Saved entries

◆ ◆ ◆ ◆ ◆

(* Let $\mathcal I=\mathbb R^d$ with the standard inner product, let $\mathcal G$ be a compact Abelian group with normalized Haar measure $dg$ acting on $\mathcal I$ by a unitary representation, and let $\mathcal S$ be the unit sphere of $\mathcal I$ with normalized uniform measure $u$. For $I\in\mathcal I$ and $t\in\mathcal S$ let $\mu^t(I)$ be the cumulative distribution function of the law of $g\mapsto\langle I,gt\rangle$ on $(\mathcal G,dg)$, i.e. $\mu^t(I)(b)=\int H(b-\langle I,gt\rangle)\,dg$. Let $d_\infty(f,f')=\sup_{s\in\mathbb R}|f(s)-f'(s)|$ and define $$d(I,I')=\int d_\infty(\mu^t(I),\mu^t(I'))\,du(t),\qquad \widehat d(I,I')=\frac1k\sum_{i=1}^k d_\infty(\mu^{t_i}(I),\mu^{t_i}(I')),$$ where $t_1,\dots,t_k$ are templates drawn independently from $u$. Consider a set $\mathcal I_n$ of $n$ points of $\mathcal I$. There is a constant $c$ such that if $k\ge\frac{2}{c\epsilon^2}\log\frac n\delta$, then with probability $1-\delta^2$, $$|d(I,I')-\widehat d(I,I')|\le\epsilon\quad\text{for all } I,I'\in\mathcal I_n.$$
   Context: $H$ is the Heaviside step function. *)

From HB Require Import structures.
From mathcomp Require Import all_boot all_order all_algebra.
From mathcomp Require Import all_classical all_reals all_analysis.
Set Implicit Arguments. Unset Strict Implicit. Unset Printing Implicit Defensive.
Import Order.TTheory GRing.Theory Num.Theory.
Import numFieldNormedType.Exports.
Local Open Scope classical_set_scope.
Local Open Scope ring_scope.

◆ ◆ ◆ ◆ ◆

Work request
Reproduce each line above that contains "Open".

Answer below
Local Open Scope classical_set_scope.
Local Open Scope ring_scope.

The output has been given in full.